Dataset entries.
■ ■ ■ ■ ■

Definition bid_gain ga W k m : R :=
  v * pmean P k m - W * Num.min 1 (pmean P k m / gittins P ga k m).

Lemma eff_bid_mean0 gb ga k m : pmean P k m = 0 ->
  eff_bid P v gb ga k m = v * gittins P g k m.
Proof.
move=> p0; rewrite gittins_mean0 // /eff_bid /bid_click /bid_impr p0 mul0r.
by rewrite min_r // !mulr0 !mul0r maxxx.
Qed.

Lemma bid_index_myopic_bidder k m : 0 < pmean P k m ->
  bid_index P v 0 g k m = v * gittins P g k m.
Proof.
move=> p_gt0; have q_gt0 := lt_le_trans p_gt0 (gittins_ge_mean k m).
have gain_gt0 W : (0 < opt_value P 0 (bid_gain g W) k m) = (W < v * gittins P g k m).
  rewrite opt_value_discount0 lt_max ltxx /= /bid_gain min_r; last first.
    by rewrite ler_pdivrMr // mul1r gittins_ge_mean.
  by rewrite subr_gt0 mulrCA mulrC ltr_pM2r // ltr_pdivrMr.
by apply: sup_eq_ub_of_lt => W /=; rewrite gain_gt0 // => /ltW.
Qed.

Lemma eff_bid_myopic_bidder k m : 0 < pmean P k m ->
  eff_bid P v 0 g k m = v * gittins P g k m.
Proof.
move=> p_gt0; have q_gt0 := lt_le_trans p_gt0 (gittins_ge_mean k m).
rewrite /eff_bid /bid_click /bid_impr bid_index_myopic_bidder // min_r; last first.
  by rewrite ler_pdivrMr // mul1r gittins_ge_mean.
have -> : v * gittins P g k m * (pmean P k m / gittins P g k m) = v * pmean P k m.
  by field; rewrite gt_eqF.
by rewrite mulfK ?gt_eqF // max_r // ler_pM2l ?gittins_ge_mean.
Qed.

(* With [ga = 0] the auctioneer's index is the mean, and [p / p] is [0] on a
   null state: there the gain is [0] rather than [- W]. *)
Lemma bid_gain_null W k m : pmean P k m = 0 -> bid_gain 0 W k m = 0.
Proof.
by move=> p0; rewrite /bid_gain gittins_discount0 p0 mulr0 mul0r min_r // mulr0 subrr.
Qed.

Lemma bid_gain_nonnull W k m : pmean P k m != 0 ->
  bid_gain 0 W k m = v * net_reward (W / v) k m.
Proof.
move=> p_neq0; rewrite /bid_gain gittins_discount0 divff // minxx mulr1.
by rewrite /net_reward mulrBr [v * (W / v)]mulrC divfK ?gt_eqF.
Qed.

Lemma bounded_bid_gain W : bounded_reward (bid_gain 0 W).
Proof.
have [B net_le] := bounded_reward_scale v (bounded_net_reward (W / v)).
exists (Num.max 0 B) => k m; have [p0|p_neq0] := eqVneq (pmean P k m) 0.
  by rewrite bid_gain_null // normr0 le_max lexx.
by rewrite bid_gain_nonnull // le_max net_le orbT.
Qed.

Lemma opt_bid_gain_gt0 W k m : 0 < pmean P k m -> W < v * gittins P g k m ->
  0 < opt_value P g (bid_gain 0 W) k m.
Proof.
move=> p_gt0 lt_W; have [W_lt0|W_ge0] := ltP W 0.
  apply: lt_le_trans (le_opt_value play_once k m (bounded_bid_gain W)).
  rewrite rule_value_play_once bid_gain_nonnull ?gt_eqF // pmulr_rgt0 // subr_gt0.
  by rewrite (lt_trans _ p_gt0) // pmulr_llt0 ?invr_gt0.
have [s s_play value_gt0] : exists2 s, ~~ s [::] &
    0 < rule_value P g (net_reward (W / v)) s k m.
  by apply: play_value_gt0_below_gittins; rewrite ltr_pdivrMr // mulrC.
apply: lt_le_trans (le_opt_value s k m (bounded_bid_gain W)).
apply: lt_le_trans (rule_value_mono s k m
  (bounded_reward_scale v (bounded_net_reward (W / v))) (bounded_bid_gain W) _).
  by rewrite rule_value_scale ?pmulr_rgt0 //; exact: bounded_net_reward.
move=> k' m'; have [p0|p_neq0] := eqVneq (pmean P k' m') 0; last by rewrite bid_gain_nonnull.
by rewrite bid_gain_null // /net_reward p0 sub0r mulrN mulrCA mulfV ?gt_eqF // mulr1 oppr_le0.
Qed.

Lemma opt_bid_gain_le0 W k m : 0 < pmean P k m -> v * gittins P g k m < W ->
  opt_value P g (bid_gain 0 W) k m <= 0.
Proof.
move=> p_gt0 gt_W; apply: ge_sup => [|_ [s _ <-]].
  by exists (rule_value P g (bid_gain 0 W) play_once k m), play_once.
have [s_stop|s_play] := boolP (s [::]); first by rewrite rule_value_stop.
rewrite (@eq_rule_value _ (fun k m => v * net_reward (W / v) k m) _ (stop_at_null s k m)).
  rewrite rule_value_scale; last exact: bounded_net_reward.
  apply/mulr_ge0_le0/ltW; first exact: ltW.
  apply: play_value_lt0_above_gittins; first by rewrite ltr_pdivlMr // mulrC.
  by rewrite /stop_at_null negb_or s_play !addn0 gt_eqF.
move=> n; apply: trunc_value_stop_at_null => k' m'.
  exact: bid_gain_null.
exact: bid_gain_nonnull.
Qed.

Lemma bid_index_myopic_auctioneer k m : 0 < pmean P k m ->
  bid_index P v g 0 k m = v * gittins P g k m.
Proof.
move=> p_gt0; apply: sup_eq_ub_of_lt => W /=.
  by move=> lt_W; apply: opt_bid_gain_gt0.
move=> opt_gt0; rewrite leNgt; apply/negP => /(opt_bid_gain_le0 W k m p_gt0).
by rewrite leNgt opt_gt0.
Qed.

Lemma eff_bid_myopic_auctioneer k m : 0 < pmean P k m ->
  eff_bid P v g 0 k m = v * gittins P g k m.
Proof.
move=> p_gt0; rewrite /eff_bid /bid_click /bid_impr bid_index_myopic_auctioneer //.
by rewrite gittins_discount0 divff ?gt_eqF // minxx mulr1 divfK ?gt_eqF // maxxx.
Qed.

End Bidding.
End DiscountedGame.

Lemma eff_bid_socially_optimal (R : realType) (P : probability R R) (gamma gb ga v : R) k m :
  0 <= gamma < 1 -> 0 < v -> (gb = gamma /\ ga = 0) \/ (gb = 0 /\ ga = gamma) ->
  eff_bid P v gb ga k m = v * gittins P gamma k m.
Proof.
move=> /andP[gamma_ge0 gamma_lt1] v_gt0 cases.
have [p0|p_neq0] := eqVneq (pmean P k m) 0; first exact: eff_bid_mean0.
have p_gt0 : 0 < pmean P k m by rewrite lt_neqAle eq_sym p_neq0 pmean_ge0.
case: cases => -[-> ->]; first exact: eff_bid_myopic_auctioneer.
exact: eff_bid_myopic_bidder.
Qed.

Theorem theorem5 (R : realType) (n : nat) (gamma gb ga : R)
  (Pr : 'I_n -> probability R R) (v : 'I_n -> R) (k m : 'I_n -> nat) :
  0 <= gamma < 1 ->
  (forall j, Pr j (~` `[0, 1]) = 0%E) ->
  (forall j, 0 < v j) ->
  (forall j, 0 < mom (Pr j) (k j) (m j)) ->
  ((gb = gamma /\ ga = 0) \/ (gb = 0 /\ ga = gamma)) ->
  (forall j, eff_bid (Pr j) (v j) gb ga (k j) (m j)
             = v j * gittins (Pr j) gamma (k j) (m j)) /\
  (forall j, (forall i, eff_bid (Pr i) (v i) gb ga (k i) (m i)
                        <= eff_bid (Pr j) (v j) gb ga (k j) (m j)) <->
             (forall i, v i * gittins (Pr i) gamma (k i) (m i)
                        <= v j * gittins (Pr j) gamma (k j) (m j))).
Proof.
move=> gamma01 _ v_gt0 _ cases.
have eff_bidE j : eff_bid (Pr j) (v j) gb ga (k j) (m j)
                  = v j * gittins (Pr j) gamma (k j) (m j).
  exact: eff_bid_socially_optimal.
by split => // j; split => le_j i; [rewrite -!eff_bidE | rewrite !eff_bidE].
Qed.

■ ■ ■ ■ ■

What needs to be done. Tell how many lines of the records above contain "eqVneq", replying with the number only.

Answer to the exercise. 3